What is needed: If a line in the listing below holds the word "Lemma", it counts toward the total; report that total alone.

Available records:
Lemma cluster_of_parentE w : 0 < dist e v0 w ->
  cluster_of (parent e v0 w) =
  [set y | connect (restr e (sphere e v0 (dist e v0 w).-1)) (parent e v0 w) y].
Proof. by move=> dw_gt0; rewrite /cluster_of -(dist_parent conn dw_gt0). Qed.

Lemma pred_set_sub_cluster_parent x y :
  0 < dist e v0 x -> y \in cluster_of x -> pred_set e v0 y \subset cluster_of (parent e v0 x).
Proof.
move=> dx_gt0; rewrite inE => xy; apply/subsetP=> u uy.
rewrite (cluster_of_parentE dx_gt0) inE.
exact (connect_preds weet (erefl _) xy (parent_pred conn dx_gt0) uy).
Qed.

Lemma cluster_adj_parent x :
  0 < dist e v0 x -> cluster_adj e (cluster_of x) (cluster_of (parent e v0 x)).
Proof.
move=> dx_gt0; have px := parent_pred conn dx_gt0.
split; last first.
  exists x, (parent e v0 x); split; rewrite ?cluster_of_refl //.
  by move: px; rewrite inE e_sym => /andP[].
apply/negP => /eqP same; have := cluster_of_refl x; rewrite same.
move/(subsetP (cluster_of_sub _)); rewrite inE -{1}(dist_parent conn dx_gt0).
by rewrite eqn_leq ltnn.
Qed.

Lemma cluster_adj_below_eq x B :
  0 < dist e v0 x -> is_cluster e v0 B -> B \subset sphere e v0 (dist e v0 x).-1 ->
  cluster_adj e (cluster_of x) B -> B = cluster_of (parent e v0 x).
Proof.
move=> dx_gt0 clB sub_B [_ [v [v' [vx v'B evv']]]].
have dv' : dist e v0 v' = (dist e v0 x).-1 by move: (subsetP sub_B v' v'B); rewrite inE => /eqP.
have v'v : v' \in pred_set e v0 v.
  by rewrite inE (e_sym v' v) evv' dv' (dist_cluster_of vx) (prednK dx_gt0) eqxx.
have := subsetP (pred_set_sub_cluster_parent dx_gt0 vx) v' v'v.
by move/cluster_of_eq <-; apply: is_clusterE.
Qed.

Lemma path_meets_cluster_parent x p :
  0 < dist e v0 x -> path e v0 p -> last v0 p \in cluster_of x ->
  exists2 y, y \in v0 :: p & y \in cluster_of (parent e v0 x).
Proof.
move=> dx_gt0 p_path last_x.
have dl_gt0 : 0 < dist e v0 (last v0 p) by rewrite (dist_cluster_of last_x).
have v0_below : dist e v0 v0 <= (dist e v0 (last v0 p)).-1 by rewrite dist_refl.
have last_above : (dist e v0 (last v0 p)).-1 < dist e v0 (last v0 p) by rewrite prednK.
have [y yp] := path_meets_ancestor conn weet e_sym p_path v0_below last_above.
rewrite (ancestor_parent dl_gt0) => y_par; exists y => //.
have par_x := subsetP (pred_set_sub_cluster_parent dx_gt0 last_x) _ (parent_pred conn dl_gt0).
by rewrite -(cluster_of_eq par_x) (cluster_of_parentE dl_gt0) inE connect_restr_sym.
Qed.

End Clusters.

Theorem mainTheorem5 (T : finType) (e : rel T)
  (Hsimple : simple_graph e) (Hconn : connected_graph e) (HW : weetman e)
  (v0 : T) (C : {set T}) (k : nat)
  (HC : is_cluster e v0 C) (HCk : C \subset sphere e v0 k) (Hk : 1 <= k) :
  exists A : {set T},
    [/\ is_cluster e v0 A, A \subset sphere e v0 k.-1 & cluster_adj e C A] /\
    (forall B : {set T},
        [/\ is_cluster e v0 B, B \subset sphere e v0 k.-1 & cluster_adj e C B] ->
        B = A) /\
    (forall p : seq T, path e v0 p -> last v0 p \in C ->
        exists2 x, x \in v0 :: p & x \in A).
Proof.
have [x C_x] := HC; rewrite -/(cluster_of e v0 x) in C_x; subst C.
have := subsetP HCk x (cluster_of_refl e v0 x); rewrite inE => /eqP dx.
have dx_gt0 : 0 < dist e v0 x by rewrite dx.
exists (cluster_of e v0 (parent e v0 x)); split; [split | split].
- by exists (parent e v0 x).
- by rewrite -dx -(dist_parent Hconn dx_gt0); apply: cluster_of_sub.
- exact: cluster_adj_parent.
- move=> B [clB sub_B adjB]; apply: (cluster_adj_below_eq Hsimple Hconn HW dx_gt0 clB _ adjB).
  by rewrite dx.
- by move=> p; apply: path_meets_cluster_parent.
Qed.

Output for this task: 5